I'm sorry, but I have to side with your husband. It is his home also. I don't like relatives staying, either. My home is my sanctuary away from other people, as my job involves alot of people. Maybe he feels the same way. You say they visit "often". How often is it? I would think twice a year would be enough. Maybe they could get a hotel room and you could spend time with them yourself, going to places other than your home. This way you could spend the time you want with them, and he could have his house to himself.
It is unfortunate that he won't let the college student stay. But can your nephew stay on campus? I can relate to college kids staying with you, too. I wouldn't like it. They come and go at all hours, waking people up when they do. They don't pick up after themselves, so I'm constantly cleaning after them and cooking for them. It is alot of extra work and expense. There probably isn't alot of privacy, and maybe he doesn't like that. I can understand trying to help your nephew out, but a year is a really looooong time. Would it help if your nephew could pay something to you and your husband for staying there, like a small rent?
It sounds like you've been having too many visitors, too often. It would make me resentful, also.


----------



## nerrod

Thank you for your reply sweetpeaflower, Ok thank you for your reply and I understand. Sort of. I will cut down the number of visits and ask him permission for them to stay when they visit. Here is the biggest problem. My mother is 81 now, My husband lost his parents 2o plus years ago. This house was given to me 5 years before I met my husband, and she turn the deed over to me with one condition ( I found out of this condition last month, He does NOT know yet). I cannot sell this house until she passes away. And we cannot afford to move without the sale of this house, As it is paid for in full. we have not a penny of a down payment.
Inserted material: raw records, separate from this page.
(* Let $A$ be such that $\mathfrak{g}=\mathfrak{g}(A)$ is finite dimensional and fix $i\in\{1,\dots,\theta\}$. Let $j,k\in\{1,\dots,\theta\}$, both different from $i$, with $j\neq k$. Then $[M_{\alpha_j},N_{\alpha_k}]=0$, i.e. $[x,y]=0$ for all $x\in M_{\alpha_j}$, $y\in N_{\alpha_k}$.
   Context: $\Bbbk$ algebraically closed of characteristic $p>0$; $A=(a_{ab})\in\Bbbk^{\theta\times\theta}$ with $a_{aa}\in\{0,2\}$ and $a_{ab}=0$ iff $a_{ba}=0$ ($a\ne b$). $\mathfrak{g}(A)$ is the contragredient Lie algebra generated by a Cartan subalgebra $\mathfrak{h}$ and $e_a,f_a$ subject to $[h,h']=0$, $[h,e_a]=\xi_a(h)e_a$, $[h,f_a]=-\xi_a(h)f_a$, $[e_a,f_b]=\delta_{ab}h_a$ (with $\xi_b(h_a)=a_{ab}$), modulo the largest graded ideal meeting $\mathfrak{h}$ trivially; $\mathbb{Z}^\theta$-graded with $\deg e_a=\alpha_a=-\deg f_a$. $\varDelta^A_+=\{\beta\in\mathbb{N}_0^\theta\setminus0:\mathfrak{g}_\beta\neq0\}$, root spaces one-dimensional, spanned by fixed $e_\beta$, $f_\beta\in\mathfrak{g}_{-\beta}$. For $j\ne i$, let $d_j\ge1$ be maximal with $\alpha_j+k\alpha_i\in\varDelta^A_+$ for all $0\le k<d_j$; $M_{\alpha_j}=\bigoplus_{k=0}^{d_j-1}\Bbbk e_{\alpha_j+k\alpha_i}$ and $N_{\alpha_j}=\bigoplus_{k=0}^{d_j-1}\Bbbk f_{\alpha_j+k\alpha_i}$. *)

From HB Require Import structures.
From mathcomp Require Import all_boot all_order all_algebra.
Set Implicit Arguments. Unset Strict Implicit. Unset Printing Implicit Defensive.
Import GRing.Theory.
Local Open Scope ring_scope.

(* Degrees live in Z^theta, represented as row vectors of integers. *)
Definition simple_root (th : nat) (a : 'I_th) : 'rV[int]_th := delta_mx 0 a.

Definition is_lie_bracket (K : fieldType) (L : vectType K) (br : L -> L -> L) :=
  [/\ (forall c x y z, br (c *: x + y) z = c *: br x z + br y z),
      (forall c x y z, br z (c *: x + y) = c *: br z x + br z y),
      (forall x, br x x = 0) &
      (forall x y z, br x (br y z) + br y (br z x) + br z (br x y) = 0)].

Definition graded_ideal (K : fieldType) (L : vectType K) (th : nat)
    (br : L -> L -> L) (gr : 'rV[int]_th -> {vspace L}) (I : {vspace L}) :=
  (forall x y, y \in I -> br x y \in I) /\
  exists s : seq 'rV[int]_th, I = (\sum_(b <- s) (I :&: gr b))%VS.

(* L, with bracket br, Cartan subalgebra H, generators e_a f_a, coroots h_a,
   functionals xi_a on H and Z^theta-grading gr, is the contragredient Lie
   algebra g(A): the quotient of the Lie algebra freely generated by H, e_a, f_a
   subject to the defining relations, by the largest graded ideal meeting H
   trivially.  This is characterised by: the relations hold, L is generated by
   H, e, f, the grading is a direct sum decomposition compatible with the
   bracket and the degrees of the generators, and L has no nonzero graded
   ideal meeting H trivially. *)
Definition is_contragredient (K : fieldType) (th : nat) (A : 'M[K]_th)
    (L : vectType K) (br : L -> L -> L) (H : {vspace L})
    (e f h : 'I_th -> L) (xi : 'I_th -> L -> K)
    (gr : 'rV[int]_th -> {vspace L}) : Prop :=
  is_lie_bracket br /\
      [/\ [/\ [/\ \dim H = (2 * th - \rank A)%N,
          (forall a, h a \in H),
          (forall a c x y, x \in H -> y \in H ->
              xi a (c *: x + y) = c * xi a x + xi a y) &
          (forall a b, xi b (h a) = A a b)],
          (forall c : 'I_th -> K, \sum_a c a *: h a = 0 -> forall a, c a = 0) &
          (forall c : 'I_th -> K,
              (forall x, x \in H -> \sum_a c a * xi a x = 0) -> forall a, c a = 0)],
      [/\ (forall x y, x \in H -> y \in H -> br x y = 0),
          (forall x a, x \in H -> br x (e a) = xi a x *: e a),
          (forall x a, x \in H -> br x (f a) = - (xi a x *: f a)) &
          (forall a b, br (e a) (f b) = if a == b then h a else 0)],
      (forall U : {vspace L}, (H <= U)%VS -> (forall a, e a \in U) ->
          (forall a, f a \in U) ->
          (forall x y, x \in U -> y \in U -> br x y \in U) -> U = fullv),
      [/\ (forall s : seq 'rV[int]_th, uniq s -> forall v : 'rV[int]_th -> L,
              (forall b, b \in s -> v b \in gr b) ->
              \sum_(b <- s) v b = 0 -> forall b, b \in s -> v b = 0),
          (exists s : seq 'rV[int]_th, fullv = (\sum_(b <- s) gr b)%VS),
          (forall b c x y, x \in gr b -> y \in gr c -> br x y \in gr (b + c)),
          (H <= gr (0%R : 'rV[int]_th))%VS &
          (forall a, e a \in gr (simple_root a) /\ f a \in gr (- simple_root a))] &
      (forall I, graded_ideal br gr I -> (I :&: H = 0)%VS -> I = 0%VS)].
My Husband wants to move a least 1 hour away ASAP. I need to stay by my 81 year old mother. There are no other relitives near, just me.. He has never done anything to help her at all. He feels it is up to my brothers who both live over 2 hours away. Hence the need for them to come down and stay here as they help her. Reason they stay here is because of the condition of her home. It is god awful because of the multiple animals she has had over the course of 2o plus years..It smells really bad and you cannot even cook in the kitchen the animals have taken over the home. My husband is MISERABLE here in this town where we live. I need to stay close to my mother, He wants to move NOW. How do we comprimise?? She probable has just a few years left.


----------



## Pandakiss

college is great but my home my santuary and with my h almost 20 yrs and i hate his mother his father his older brother his younger brother is an idoit his moms mother is the most special person i wish i could have gotten to know her so if i came home and there they were out out out we not gonna have a everyone hates ray good time
_Posted via Mobile Device_


----------